Rune Programs receive plain data and explicit tools.* capabilities only.

return [].constructor.constructor("return globalThis")() // rejected
return tools.read.constructor("return globalThis")()     // rejected
return Promise.constructor                                // rejected

There are no imports, ambient globals, native prototypes, filesystem calls, network calls, or arbitrary host functions exposed to the program. Limits cover operations, capability calls, retained audit bytes, concurrency, source/data size, nesting depth, collection length, and wall time. Effect timeouts interrupt running capabilities.

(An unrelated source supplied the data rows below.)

(* If $|\Sigma|\ge3$, then the set $\mathtt{REV}$ of injective cellular automata is not closed in $(\mathtt{CA},\delta)$; that is, there is a sequence of injective CA converging in $\delta$ to a non-injective CA.
   Context: $\Sigma$ is a finite alphabet, $N(r)=[-r,r]$. A cellular automaton (CA) is a map $c:\Sigma^\mathbb{Z}\to\Sigma^\mathbb{Z}$ of the form $c(x)_i=F(x_{[i-r,i+r]})$ for a local function $F:\Sigma^{N(r)}\to\Sigma$. $\mathtt{CA}$ is the set of all CA, $\mathtt{REV}$ the injective ones. For $c,d\in\mathtt{CA}$ with common radius $r$, $D^c_d$ is the set of $w\in\Sigma^{N(r)}$ on which the local rules of $c$ and $d$ give different outputs, and $\delta(c,d)=|D^c_d|/|\Sigma|^{2r+1}$ (independent of $r$). *)

From HB Require Import structures.
From mathcomp Require Import all_boot all_order all_algebra.
Set Implicit Arguments. Unset Strict Implicit. Unset Printing Implicit Defensive.
Import Order.TTheory GRing.Theory Num.Theory.

Definition config (S : finType) := int -> S.

(* Windows of radius r: functions N(r) = [-r, r] -> S, with position
   k : 'I_(2r+1) standing for offset k - r. *)
Definition window (S : finType) (r : nat) := {ffun 'I_(r.*2.+1) -> S}.

Record CA (S : finType) := MkCA {
  rad : nat;
  rule : window S rad -> S }.
Arguments rad {S} c.
Arguments rule {S} c w.

Definition glob (S : finType) (c : CA S) (x : config S) : config S :=
  fun i => rule c [ffun k : 'I_((rad c).*2.+1) => x (i + (k%:Z - (rad c)%:Z))%R].

(* Local function of c viewed at a radius R >= rad c (it ignores the outer
   cells of the window). *)
Definition lfun_at (S : finType) (c : CA S) {R : nat} (w : window S R) : S :=
  rule c [ffun k : 'I_((rad c).*2.+1) => w (inord (k + (R - rad c)))].

Definition Dset (S : finType) (c d : CA S) : {set window S (maxn (rad c) (rad d))} :=
  [set w | lfun_at c w != lfun_at d w].

Definition delta (S : finType) (c d : CA S) : rat :=
  ((#|Dset c d|)%:R / (#|S| ^ (maxn (rad c) (rad d)).*2.+1)%:R)%R.

From HB Require Import structures.
From mathcomp Require Import all_boot all_order all_algebra perm zify.
From Stdlib Require Import FunctionalExtensionality.
Import Order.TTheory GRing.Theory Num.Theory.

(* Fix two distinct symbols a, b and write (a b) for their transposition.
   The radius-1 automaton [limitCA a b] applies (a b) to cell i whenever
   cell i+1 holds b.  It is not injective: the constant configurations a
   and b both have image the constant configuration a.
   The radius-(n+1) automaton [approxCA a b n] applies (a b) to cell i only
   when cell i+1 holds b AND one of the cells i+1, ..., i+n+1 lies outside
   {a, b}.  It preserves membership in {a, b} and fixes the cells outside
   {a, b}, and it is injective: cell i is recovered by induction on the
   distance from i to the nearest cell outside {a, b} on its right.
   The two local rules only disagree on windows whose n+1 rightmost cells
   lie in {a, b}; there are |S|^(n+2) 2^(n+1) of them among |S|^(2n+3)
   windows, so when |S| >= 3 the distance is at most (2/3)^(n+1) <= 2/(n+1),
   which tends to 0. *)

Set Implicit Arguments.
Unset Strict Implicit.
Unset Printing Implicit Defensive.

Section Transposition.
Variables (S : finType) (a b : S).

Lemma pred2_tperm (s : S) : pred2 a b (tperm a b s) = pred2 a b s.
Proof.
by case: tpermP => [->|->|_ _]; rewrite /= ?eqxx ?orbT.
Qed.

Lemma tperm_out (s : S) : ~~ pred2 a b s -> tperm a b s = s.
Proof.
by rewrite /= negb_or => /andP[sa sb]; rewrite tpermD // eq_sym.
Qed.

End Transposition.

Lemma window_cell (S : finType) (r m : nat) (x : config S) (i : int) :
  m < r.*2.+1 ->
  [ffun k : 'I_(r.*2.+1) => x (i + (k%:Z - r%:Z))%R] (inord m)
  = x (i + (m%:Z - r%:Z))%R.
Proof. by move=> hm; rewrite ffunE inordK. Qed.

Lemma window_index (r m : nat) : m <= r + r -> m < r.*2.+1.
Proof. by rewrite ltnS -addnn. Qed.

Section Automata.
Variables (S : finType) (a b : S).

Definition limit_rule (w : window S 1) : S :=
  if w (inord 2) == b then tperm a b (w (inord 1)) else w (inord 1).
Definition limitCA : CA S := MkCA limit_rule.

Definition approx_rule (n : nat) (w : window S n.+1) : S :=
  if (w (inord n.+2) == b)
       && [exists j : 'I_n.+1, ~~ pred2 a b (w (inord (n.+2 + j)))]
  then tperm a b (w (inord n.+1)) else w (inord n.+1).
Definition approxCA (n : nat) : CA S := MkCA (@approx_rule n).

Definition sees_out (n : nat) (x : config S) (i : int) : bool :=
  [exists j : 'I_n.+1, ~~ pred2 a b (x (i + j.+1%:Z)%R)].

Lemma glob_limitCA (x : config S) (i : int) :
  glob limitCA x i = if x (i + 1)%R == b then tperm a b (x i) else x i.
Proof.
rewrite /glob /= /limit_rule !window_cell //.
by have -> : (i + (1%:Z - 1%:Z))%R = i by lia.
Qed.

Lemma glob_approxCA (n : nat) (x : config S) (i : int) :
  glob (approxCA n) x i =
  if (x (i + 1)%R == b) && sees_out n x i then tperm a b (x i) else x i.
Proof.
rewrite /glob /= /approx_rule !window_cell -?addnn; try lia.
have -> : (i + ((n.+2)%:Z - (n.+1)%:Z))%R = (i + 1)%R by lia.
have -> : (i + ((n.+1)%:Z - (n.+1)%:Z))%R = i by lia.
congr (if _ && _ then _ else _); apply: eq_existsb => j.
rewrite ffunE inordK; last by have := ltn_ord j; lia.
by congr (~~ pred2 a b (x _)); lia.
Qed.

Hypothesis ab : a != b.

Lemma limitCA_not_injective : ~ injective (glob limitCA).
Proof.
move=> inj.
have same_image : glob limitCA (fun _ => a) = glob limitCA (fun _ => b).
  by apply: functional_extensionality => i; rewrite !glob_limitCA (negbTE ab) eqxx tpermR.
by have /eqP := congr1 (fun x : config S => x 0%R) (inj _ _ same_image); rewrite (negbTE ab).
Qed.

End Automata.

Section ApproxInjective.
Variables (S : finType) (a b : S) (n : nat).
Notation F := (glob (approxCA a b n)).

Lemma pred2_approx (x : config S) (i : int) :
  pred2 a b (F x i) = pred2 a b (x i).
Proof. by rewrite glob_approxCA; case: ifP; rewrite ?pred2_tperm. Qed.

Lemma approx_out (x : config S) (i : int) :
  ~~ pred2 a b (x i) -> F x i = x i.
Proof. by move=> xi; rewrite glob_approxCA tperm_out //; case: ifP. Qed.

Variables x y : config S.
Hypothesis Fxy : F x =1 F y.

Lemma same_pred2 (i : int) : pred2 a b (x i) = pred2 a b (y i).
Proof. by rewrite -pred2_approx Fxy pred2_approx. Qed.

Lemma agree_out (i : int) : ~~ pred2 a b (x i) -> x i = y i.
Proof.
move=> xi; have yi : ~~ pred2 a b (y i) by rewrite -same_pred2.
by rewrite -approx_out // Fxy approx_out.
Qed.

(* A cell whose (k+1)-th right neighbour, k <= n, lies outside {a, b} is
   recovered: by induction on k its right neighbour is, and then both
   configurations undergo the same bijection (a b) at that cell. *)
Lemma agree_near (k : nat) : k <= n -> forall i : int,
  ~~ pred2 a b (x (i + k.+1%:Z)%R) -> x i = y i.
Proof.
elim: k => [|k IH] kn i out.
  have e1 : x (i + 1)%R = y (i + 1)%R by exact: agree_out.
  have nb : x (i + 1)%R != b by move: out; rewrite negb_or => /andP[].
  by have := Fxy i; rewrite !glob_approxCA -e1 (negbTE nb).
have e1 : x (i + 1)%R = y (i + 1)%R.
  by apply: (IH (ltnW kn)); have -> : (i + 1 + k.+1%:Z = i + k.+2%:Z)%R by lia.
have sx : sees_out a b n x i by apply/existsP; exists (Ordinal (kn : k.+1 < n.+1)).
have sy : sees_out a b n y i.
  by apply/existsP; exists (Ordinal (kn : k.+1 < n.+1)); rewrite -same_pred2.
have := Fxy i; rewrite !glob_approxCA sx sy -e1 !andbT.
by case: ifP => // _; apply: perm_inj.
Qed.

(* If no inspected cell lies outside {a, b}, the cell is left untouched;
   otherwise [agree_near] applies. *)
Lemma agree_everywhere : x = y.
Proof.
apply: functional_extensionality => i.
case: (boolP (sees_out a b n x i)) => [/existsP[j out]|nx].
  by apply: (agree_near (k := j)) out; rewrite -ltnS.
have ny : ~~ sees_out a b n y i.
  by apply: contra nx => /existsP[j out]; apply/existsP; exists j; rewrite same_pred2.
by have := Fxy i; rewrite !glob_approxCA (negbTE nx) (negbTE ny) !andbF.
Qed.

End ApproxInjective.

Lemma approxCA_injective (S : finType) (a b : S) (n : nat) :
  injective (glob (approxCA a b n)).
Proof. by move=> x y Fxy; apply: (@agree_everywhere S a b n) => i; rewrite Fxy. Qed.

Section Counting.
Variables (S : finType) (a b : S) (n : nat).

Definition ab_tail : {set window S n.+1} :=
  [set w : window S n.+1 | [forall k : 'I_(n.+1.*2.+1), (n.+2 <= k) ==> pred2 a b (w k)]].

(* Outside [ab_tail] the approximant sees a cell outside {a, b}, so it acts
   exactly as the limit. *)
Lemma Dset_approx_limit : Dset (approxCA a b n) (limitCA a b) \subset ab_tail.
Proof.
apply/subsetP => w; rewrite !inE /lfun_at /= /approx_rule /limit_rule.
have -> : maxn n.+1 1 - n.+1 = 0 by lia.
have -> : maxn n.+1 1 - 1 = n by lia.
rewrite !ffunE !inordK ?addn0 ?add1n -?addnn; try lia.
case: (w (inord n.+2) == b); last by rewrite eqxx.
case: existsP => [_|no_out _]; first by rewrite eqxx.
apply/forallP => k; apply/implyP => hk; apply: contraT => k_out; case: no_out.
have k_lt : (k : nat) < (n.+1 + n.+1).+1 by rewrite addnn.
have hj : k - n.+2 < n.+1 by lia.
exists (Ordinal hj); rewrite ffunE /= inordK ?addn0; last by apply: window_index; lia.
suff -> : inord (n.+2 + (k - n.+2)) = k by [].
by apply: val_inj; rewrite /= inordK; [lia | apply: window_index; lia].
Qed.

(* The n+2 leftmost cells are free, the n+1 others range over {a, b}. *)
Lemma card_ab_tail : a != b -> #|ab_tail| = #|S| ^ n.+2 * 2 ^ n.+1.
Proof.
move=> ab.
pose allowed (k : 'I_(n.+1.*2.+1)) : pred S :=
  if n.+2 <= k then [pred s | pred2 a b s] else predT.
have -> : #|ab_tail| = #|(family allowed : simpl_pred (window S n.+1))|.
  apply: eq_card => w; rewrite inE.
  by apply/forallP/familyP => h k; have := h k; rewrite /allowed; case: ifP.
rewrite card_family foldrE big_image /=.
pose c (k : nat) := if n.+2 <= k then 2 else #|S|.
rewrite (eq_bigr (fun k : 'I__ => c k)); last first.
  move=> k _; rewrite /allowed /c; case: ifP => _; last by apply: eq_card.
  by transitivity #|pred2 a b|; [apply: eq_card | rewrite card2 ab].
rewrite -(big_mkord xpredT c) (big_cat_nat _ (n := n.+2)) //=; last by rewrite -addnn; lia.
rewrite (@eq_big_nat _ _ _ 0 n.+2 _ (fun _ => #|S|)); last first.
  by move=> k /andP[_ hk]; rewrite /c leqNgt hk.
rewrite (@eq_big_nat _ _ _ n.+2 _ _ (fun _ => 2)); last by move=> k /andP[hk _]; rewrite /c hk.
by rewrite !prod_nat_const_nat; congr (_ * _ ^ _); rewrite -addnn; lia.
Qed.

End Counting.

Lemma exp2_mul_le (k m : nat) : 3 <= k -> 2 ^ m * m <= 2 * k ^ m.
Proof.
move=> k3; elim: m => [//|m IH].
have le2k : 2 ^ m <= k ^ m by case: m IH => // m _; rewrite leq_exp2r //; lia.
by rewrite !expnS; nia.
Qed.

Lemma card_Dset_approx (S : finType) (a b : S) (n : nat) : a != b -> 3 <= #|S| ->
  #|Dset (approxCA a b n) (limitCA a b)| * n.+1 <= 2 * #|S| ^ (maxn n.+1 1).*2.+1.
Proof.
move=> ab S3.
have D_le : #|Dset (approxCA a b n) (limitCA a b)| <= #|S| ^ n.+2 * 2 ^ n.+1.
  by rewrite -(card_ab_tail n ab); apply/subset_leq_card/Dset_approx_limit.
move: #|_| D_le => D D_le.
have -> : (maxn n.+1 1).*2.+1 = n.+2 + n.+1 by rewrite -addnn; lia.
apply: (leq_trans (leq_mul D_le (leqnn _))).
by rewrite expnD -mulnA [2 * _]mulnCA leq_mul2l exp2_mul_le ?orbT.
Qed.

Lemma delta_approx_le (S : finType) (a b : S) (n : nat) : a != b -> 3 <= #|S| ->
  (delta (approxCA a b n) (limitCA a b) <= 2%:R / n.+1%:R)%R.
Proof.
move=> ab S3; rewrite /delta.
have S_gt0 : (0 < (#|S| ^ (maxn n.+1 1).*2.+1)%:R :> rat)%R.
  by rewrite ltr0n expn_gt0; lia.
rewrite ler_pdivrMr // mulrAC ler_pdivlMr // -!natrM ler_nat.
exact: card_Dset_approx.
Qed.

Lemma eventually_div_lt (R : archiRealFieldType) (c eps : R) :
  (0 <= c)%R -> (0 < eps)%R -> exists N, forall n, N <= n -> (c / n.+1%:R < eps)%R.
Proof.
move=> c_ge0 eps_gt0; exists (Num.bound (c / eps)) => n hn.
have := archi_boundP (divr_ge0 c_ge0 (ltW eps_gt0)).
rewrite ltr_pdivrMr // ltr_pdivrMr // => /lt_le_trans; apply.
by rewrite [X in (_ <= X)%R]mulrC ler_pM2r // ler_nat leqW.
Qed.

Theorem mainTheorem9 (S : finType) (HS : 3 <= #|S|) :
  exists (cs : nat -> CA S) (c : CA S),
    (forall n, injective (glob (cs n))) /\
    ~ injective (glob c) /\
    (forall eps : rat, (0 < eps)%R ->
       exists N, forall n, N <= n -> (delta (cs n) c < eps)%R).
Proof.
have /card_gt1P[a [b [_ _ ab]]] : 1 < #|S| by lia.
exists (approxCA a b), (limitCA a b); split; first exact: approxCA_injective.
split; first exact: limitCA_not_injective.
move=> eps eps_gt0.
have [N small] := eventually_div_lt (ler0n _ 2) eps_gt0.
exists N => n /small; apply: le_lt_trans; exact: delta_approx_le.
Qed.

Configure tighter limits for the authority and latency budget of each code tool:

const rune = Rune.make({
  tools,
  limits: { maxToolCalls: 20, maxConcurrency: 4, timeoutMs: 5_000 },
})

Defaults are maxToolCalls: 100, maxConcurrency: 8, timeoutMs: 10_000, maxSourceBytes: 32_000, maxDataBytes: 256_000, maxAuditBytes: 1_000_000, maxValueDepth: 32, maxCollectionLength: 10_000, and maxOperations: 100_000.

Rune is an in-process confined interpreter. A separate process remains useful defense in depth for hostile multi-tenant workloads.

Development

bun install
bun run typecheck
bun test

Releases

Rune uses Changesets for package releases after the initial 0.1.0 publication:

bun run changeset          # record a user-facing change via bunx Changesets
bun run version-packages   # apply pending version/changelog updates
bun run release            # validate and publish to npm via Changesets

bun run release publishes @kitlangton/rune and may require npm browser/OTP authorization from the authenticated maintainer account.